Harvesting, searching, and ranking knowledge on the web: invited talk

  • Authors:
  • Gerhard Weikum

  • Affiliations:
  • Max Planck Institute for Informatics, Saarbruecken, Germany

  • Venue:
  • Proceedings of the Second ACM International Conference on Web Search and Data Mining
  • Year:
  • 2009

Quantified Score

Hi-index 0.00

Visualization

Abstract

There are major trends to advance the functionality of search engines to a more expressive semantic level (e.g., [2, 4, 6, 7, 8, 9, 13, 14, 18]).

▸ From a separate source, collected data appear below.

(* Assume there exists a $1$-perfect code in $H(q+1,q)$. Let $f$ be a $(b,c)$-coloring of $H(n,q)$ with main eigenvalue $\lambda\le0$. Then for all $t_1,t_2\in\{0,\dots,q\}$ with $t_1+t_2\notin\{0,2q\}$ there exists a $\big(q(b+c)-(ct_1+bt_2),\ ct_1+bt_2\big)$-coloring $F$ of $H(qn-\lambda,q)$, and $F$ has main eigenvalue $\lambda$.
   Context: The Hamming graph $H(n,q)$ has vertex set $\mathbb{Z}_q^n$, two vertices adjacent iff they differ in exactly one coordinate. A perfect $2$-coloring is a surjective map onto $\{1,2\}$ such that each vertex of color $i$ has a constant number of neighbours of each color. A $(b,c)$-coloring of $H(n,q)$ is a perfect $2$-coloring in which each color-1 vertex has exactly $b$ neighbours of color 2 and each color-2 vertex has exactly $c$ neighbours of color 1; its main eigenvalue is $\lambda=n(q-1)-(b+c)$. A $1$-perfect code in $H(n,q)$ is a set $C$ of vertices such that every radius-$1$ Hamming ball contains exactly one element of $C$. *)

From HB Require Import structures.
From mathcomp Require Import all_boot all_order all_algebra.
Set Implicit Arguments. Unset Strict Implicit. Unset Printing Implicit Defensive.
Import Order.TTheory GRing.Theory Num.Theory.

Definition hvert (n q : nat) := {ffun 'I_n -> 'I_q}.

Definition hdist (n q : nat) (x y : hvert n q) : nat := #|[set i | x i != y i]|.

Definition hadj (n q : nat) (x y : hvert n q) : bool := hdist x y == 1%N.

Definition ncol (n q : nat) (f : hvert n q -> nat) (x : hvert n q) (k : nat) : nat :=
  #|[set y : hvert n q | hadj x y && (f y == k)]|.

(* A (b,c)-coloring of H(n,q): a surjective map onto {1,2} such that every
   colour-1 vertex has exactly b neighbours of colour 2 and every colour-2
   vertex has exactly c neighbours of colour 1.  (Since H(n,q) is regular of
   degree n(q-1), this makes the colouring perfect.) *)
Definition bc_coloring (n q : nat) (f : hvert n q -> nat) (b c : nat) : Prop :=
  [/\ forall x, f x = 1%N \/ f x = 2%N,
      exists x, f x = 1%N,
      exists x, f x = 2%N,
      forall x, f x = 1%N -> ncol f x 2 = b
    & forall x, f x = 2%N -> ncol f x 1 = c].

Definition main_eig (n q b c : nat) : int :=
  ((n * (q - 1))%N)%:Z - ((b + c)%N)%:Z.

Definition perfect_code1 (n q : nat) (C : {set hvert n q}) : Prop :=
  forall x : hvert n q, #|[set y in C | hdist x y <= 1]| = 1%N.

From HB Require Import structures.
From mathcomp Require Import all_boot all_order all_algebra zify ring.
Import Order.TTheory GRing.Theory Num.Theory.
Set Implicit Arguments. Unset Strict Implicit. Unset Printing Implicit Defensive.

(* A perfect code in H(q+1,q) has q^(q-1) words at mutual distance at least 3, so every word
   of length q-1 is the prefix of exactly one codeword. For z in Z_q^q let c be the codeword
   extending the first q-1 letters of z and put brho z = (z_(q-1) - c_(q-1), c_q); the distance
   bound makes brho map the neighbours of z bijectively onto the pairs whose first entry differs
   from that of brho z.
   Split a vertex x of H(qn+d,q), d = -lambda = b+c-n(q-1), into n blocks of length q and d extra
   letters, and send it to (w,s) in Z_q^n * Z_q: w_j is the first entry of brho on block j, and s
   sums the second entries and the extra letters. The neighbours of x then cover every neighbour
   of w once with each value of s, and w itself d times with each value other than s. Hence
   colouring x by 1 exactly when s < t_(f w) is perfect, with parameters computed from those of f,
   because the d extra neighbours exactly make up for the degree deficit of H(n,q). *)

Section HammingGraph.
Variables n q : nat.
Implicit Types x y : hvert n q.

Definition upd x (i : 'I_n) (v : 'I_q) : hvert n q :=
  [ffun j => if j == i then v else x j].

Lemma upd_at x i v : upd x i v i = v.
Proof. by rewrite ffunE eqxx. Qed.

Lemma upd_id x i v j : j != i -> upd x i v j = x j.
Proof. by move=> /negbTE ji; rewrite ffunE ji. Qed.

Lemma upd_upd x i v v' : upd (upd x i v) i v' = upd x i v'.
Proof. by apply/ffunP => j; rewrite !ffunE; case: eqP. Qed.

Lemma hdistE x y : hdist x y = \sum_i (x i != y i).
Proof. by rewrite /hdist -sum1_card big_mkcond; apply: eq_bigr => i _; rewrite inE. Qed.

Lemma hdistC x y : hdist x y = hdist y x.
Proof. by rewrite !hdistE; apply: eq_bigr => i _; rewrite eq_sym. Qed.

Lemma hdist0 x y : (hdist x y == 0) = (x == y).
Proof.
rewrite hdistE sum_nat_eq0; apply/forallP/eqP => [xy|-> i]; last by rewrite eqxx.
by apply/ffunP => i; apply/eqP; have := xy i; rewrite implyTb eqb0 negbK.
Qed.

Lemma hdist_upd x y i : x i != y i -> hdist (upd x i (y i)) y = (hdist x y).-1.
Proof.
move=> xyi; rewrite !hdistE (bigD1 i) //= [in RHS](bigD1 i) //= upd_at eqxx xyi.
by congr (_ + _); apply: eq_bigr => j ji; rewrite upd_id.
Qed.

Lemma hdist_updr x i v : hdist x (upd x i v) = (x i != v).
Proof.
rewrite hdistE (bigD1 i) //= upd_at big1 ?addn0 // => j ji.
by rewrite upd_id ?eqxx.
Qed.

Lemma hdist_upd2 x i v j w : hdist (upd x i v) (upd x j w) <= 2.
Proof.
rewrite hdistE; apply: (@leq_trans (\sum_l ((l == i) + (l == j)))).
  apply: leq_sum => l _; rewrite !ffunE.
  by case: (l == i); case: (l == j); rewrite /= ?eqxx //; case: (_ != _).
have one l0 : \sum_l (l == l0) = 1 by rewrite (bigD1 l0) //= eqxx big1 // => l /negbTE ->.
by rewrite big_split /= !one.
Qed.

Lemma hadj_upd x y :
  hadj x y = [exists i, (y i != x i) && (y == upd x i (y i))].
Proof.
rewrite /hadj /hdist; apply/idP/existsP.
  move/cards1P => [i Di]; exists i.
  have xyE j : (x j != y j) = (j == i).
    by have := f_equal (fun S : {set _} => j \in S) Di; rewrite !inE.
  rewrite eq_sym xyE eqxx /=; apply/eqP/ffunP => j; rewrite ffunE.
  case: eqP => [-> //|/eqP ji]; apply/eqP; rewrite eq_sym.
  by apply: negbNE; rewrite xyE.
move=> [i /andP[yxi /eqP ->]]; apply/cards1P; exists i.
apply/setP => j; rewrite !inE !ffunE; case: (eqVneq j i) => [->|_].
  by rewrite eq_sym yxi.
by rewrite eqxx.
Qed.

Lemma sum_hadj x (G : hvert n q -> nat) :
  \sum_(y | hadj x y) G y = \sum_i \sum_(v | v != x i) G (upd x i v).
Proof.
rewrite pair_big_dep /=.
set A := [set p : 'I_n * 'I_q | p.2 != x p.1].
have updI : {in A &, injective (fun p => upd x p.1 p.2)}.
  move=> [i v] [i' v']; rewrite !inE /= => xv xv' /ffunP E.
  have := E i; rewrite !ffunE eqxx; case: eqP => [<- -> //|_ vE].
  by rewrite vE eqxx in xv.
rewrite (eq_bigl (fun p => p \in A)); last by move=> p; rewrite inE.
rewrite -(big_imset G updI) /=; apply: eq_bigl => y.
rewrite hadj_upd; apply/existsP/imsetP.
  by move=> [i /andP[yxi /eqP yE]]; exists (i, y i); rewrite ?inE.
move=> [[i v]]; rewrite inE /= => xv ->; exists i.
by rewrite upd_at xv /=.
Qed.

Lemma sum1_neq (a : 'I_q) : \sum_(v | v != a) 1 = q.-1.
Proof. by rewrite sum1_card cardC1 card_ord. Qed.

Lemma card_hadj_pairs x :
  #|[set p : 'I_n * 'I_q | p.2 != x p.1]| = n * q.-1.
Proof.
rewrite -sum1_card (eq_bigl (fun p : 'I_n * 'I_q => p.2 != x p.1)); last first.
  by move=> p; rewrite inE.
rewrite -(pair_big_dep xpredT (fun i v => v != x i) (fun _ _ => 1)) /=.
by rewrite (eq_bigr (fun _ => q.-1)) ?sum_nat_const ?card_ord // => i _; rewrite sum1_neq.
Qed.

Lemma card_hadj x : #|[set y | hadj x y]| = n * q.-1.
Proof.
rewrite -sum1_card (eq_bigl (hadj x)) => [|y]; last by rewrite inE.
rewrite sum_hadj (eq_bigr (fun _ => q.-1)) => [|i _]; last exact: sum1_neq.
by rewrite sum_nat_const card_ord.
Qed.

Lemma card_ball x : #|[set y | hdist x y <= 1]| = 1 + n * q.-1.
Proof.
have -> : [set y | hdist x y <= 1] = x |: [set y | hadj x y].
  apply/setP => y; rewrite !inE /hadj leq_eqVlt ltnS leqn0 hdist0.
  by rewrite orbC eq_sym.
rewrite cardsU1 card_hadj inE /hadj.
by have := hdist0 x x; rewrite eqxx => /eqP ->.
Qed.

Lemma ncolE (f : hvert n q -> nat) x k :
  ncol f x k = \sum_(y | hadj x y) (f y == k).
Proof.
rewrite /ncol -sum1_card big_mkcond [RHS]big_mkcond; apply: eq_bigr => y _.
by rewrite inE; case: hadj; case: eqP.
Qed.

End HammingGraph.

Notation widen1 := (widen_ord (leqnSn _)).

Definition init n q (x : hvert n.+1 q) : hvert n q := [ffun i => x (widen1 i)].

Lemma hdist_init n q (x y : hvert n.+1 q) :
  hdist x y = hdist (init x) (init y) + (x ord_max != y ord_max).
Proof.
by rewrite !hdistE big_ord_recr /=; congr (_ + _); apply: eq_bigr => i _; rewrite !ffunE.
Qed.

Variant ord_max_widen_spec m : 'I_m.+1 -> Type :=
  | OrdMax : ord_max_widen_spec ord_max
  | OrdWiden i : ord_max_widen_spec (widen1 i).

Lemma ord_maxVwiden m (p : 'I_m.+1) : ord_max_widen_spec p.
Proof.
case: (ltnP p m) => [pm|mp].
  have -> : p = widen1 (Ordinal pm) by apply: val_inj.
  exact: OrdWiden.
have -> : p = ord_max by apply/val_inj/eqP; rewrite /= eqn_leq mp -ltnS ltn_ord.
exact: OrdMax.
Qed.

Lemma widen1_eq m (i j : 'I_m) : (widen1 i == widen1 j) = (i == j).
Proof. by rewrite -val_eqE. Qed.

Lemma widen1_max m (i : 'I_m) : (widen1 i == ord_max) = false.
Proof. by rewrite -val_eqE /= ltn_eqF. Qed.

Lemma init_upd_widen n q (x : hvert n.+1 q) i v : init (upd x (widen1 i) v) = upd (init x) i v.
Proof. by apply/ffunP => j; rewrite !ffunE widen1_eq. Qed.

Lemma init_upd_max n q (x : hvert n.+1 q) v : init (upd x ord_max v) = init x.
Proof. by apply/ffunP => j; rewrite !ffunE widen1_max. Qed.

Section PerfectCode.
Variables (n q : nat) (C : {set hvert n q}).
Hypothesis HC : perfect_code1 C.

Lemma perfect_code_eq c c' : c \in C -> c' \in C -> hdist c c' <= 2 -> c = c'.
Proof.
move=> cC c'C dcc'; case: (eqVneq c c') => // /negbTE neq.
have /card_gt0P [i] : 0 < hdist c c' by rewrite lt0n hdist0 neq.
rewrite inE => cc'i; set m := upd c i (c' i).
have ball_m c0 : c0 \in C -> hdist m c0 <= 1 -> c0 \in [set y in C | hdist m y <= 1].
  by move=> c0C dm; rewrite inE c0C.
have /eqP/cards1P [y Dy] := HC m.
have /ball_m : hdist m c <= 1 by rewrite hdistC hdist_updr leq_b1.
have /ball_m : hdist m c' <= 1 by rewrite hdist_upd //; move: dcc'; case: hdist => [|[|[]]].
by rewrite Dy !inE => /(_ c'C) /eqP -> /(_ cC) /eqP ->.
Qed.

Lemma perfect_code_card : #|C| * (1 + n * q.-1) = q ^ n.
Proof.
have ball1 x : \sum_(c in C) (hdist x c <= 1) = 1.
  rewrite -[RHS](HC x) -sum1_card [RHS]big_mkcond [LHS]big_mkcond /=.
  by apply: eq_bigr => c _; rewrite inE; case: (_ \in _).
rewrite -sum_nat_const (eq_bigr _ (fun c _ => esym (card_ball c))).
have -> : q ^ n = #|{: hvert n q}| by rewrite card_ffun !card_ord.
rewrite -sum1_card -(eq_bigr _ (fun x _ => ball1 x)) exchange_big /=.
apply: eq_bigr => c _; rewrite -sum1_card big_mkcond /=.
by apply: eq_bigr => x _; rewrite inE hdistC; case: leqP.
Qed.

End PerfectCode.

Section CodeInHqPlus1.
Variables (k : nat) (C : {set hvert k.+3 k.+2}).
Hypothesis HC : perfect_code1 C.

Lemma card_perfect_code : #|C| = k.+2 ^ k.+1.
Proof.
have := perfect_code_card HC.
have -> : k.+2 ^ k.+3 = k.+2 ^ k.+1 * k.+2 ^ 2 by rewrite -expnD addn2.
have -> : 1 + k.+3 * k.+2.-1 = k.+2 ^ 2 by rewrite /=; ring.
by move/eqP; rewrite eqn_pmul2r ?expn_gt0 // => /eqP.
Qed.

Lemma perfect_code_head u : exists2 c, c \in C & init (init c) = u.
Proof.
have headI : {in C &, injective (fun c => init (init c))}.
  move=> c c' cC c'C /= e; apply: (perfect_code_eq HC) => //.
  rewrite hdist_init (hdist_init (init c)).
  have /eqP -> : hdist (init (init c)) (init (init c')) == 0 by rewrite hdist0 e.
  by rewrite add0n; case: (_ != _); case: (_ != _).
have : u \in [set init (init c) | c in C].
  suff -> : [set init (init c) | c in C] = setT by rewrite inE.
  apply/eqP; rewrite eqEcard subsetT (card_in_imset headI) card_perfect_code.
  by rewrite cardsT card_ffun !card_ord /=.
by case/imsetP => c cC ->; exists c.
Qed.

Definition head_ext (u : hvert k.+1 k.+2) : hvert k.+3 k.+2 :=
  odflt [ffun _ => ord0] [pick c in C | init (init c) == u].

Lemma head_extP u : head_ext u \in C /\ init (init (head_ext u)) = u.
Proof.
rewrite /head_ext; case: pickP => [c /andP[cC /eqP] //|none].
by have [c cC cu] := perfect_code_head u; have := none c; rewrite cC cu eqxx.
Qed.

Lemma hdist_head_ext u u' : u != u' ->
  3 <= hdist u u' + (init (head_ext u) ord_max != init (head_ext u') ord_max)
                  + (head_ext u ord_max != head_ext u' ord_max).
Proof.
move=> uu'; have [[cC cu] [c'C c'u']] := (head_extP u, head_extP u').
rewrite -{1}cu -{1}c'u' -!hdist_init ltnNge; apply: contra uu' => close.
by rewrite -cu -c'u' (perfect_code_eq HC cC c'C close).
Qed.

Implicit Types z : hvert k.+2 k.+2.

Definition bshift z : 'I_k.+2 := (z ord_max - init (head_ext (init z)) ord_max)%R.
Definition btail z : 'I_k.+2 := head_ext (init z) ord_max.
Definition brho z := (bshift z, btail z).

This is enabled by employing large-scale information extraction [1, 11, 20] of entities and relationships from semistructured as well as natural-language Web sources. In addition, harnessing Semantic-Web-style ontologies [22] and reaching into Deep-Web sources [16] can contribute towards a grand vision of turning the Web into a comprehensive knowledge base that can be efficiently searched with high precision. This talk presents ongoing research towards this objective, with emphasis on our work on the YAGO knowledge base [23, 24] and the NAGA search engine [14] but also covering related projects. YAGO is a large collection of entities and relational facts that are harvested from Wikipedia and WordNet with high accuracy and reconciled into a consistent RDF-style "semantic" graph. For further growing YAGO from Web sources while retaining its high quality, pattern-based extraction is combined with logic-based consistency checking in a unified framework [25]. NAGA provides graph-template-based search over this data, with powerful ranking capabilities based on a statistical language model for graphs. Advanced queries and the need for ranking approximate matches pose efficiency and scalability challenges that are addressed by algorithmic and indexing techniques [15, 17]. YAGO is publicly available and has been imported into various other knowledge-management projects including DB-pedia. YAGO shares many of its goals and methodologies with parallel projects along related lines. These include Avatar [19], Cimple/DBlife [10, 21], DBpedia [3], Know-ItAll/TextRunner [12, 5], Kylin/KOG [26, 27], and the Libra technology [18, 28] (and more). Together they form an exciting trend towards providing comprehensive knowledge bases with semantic search capabilities.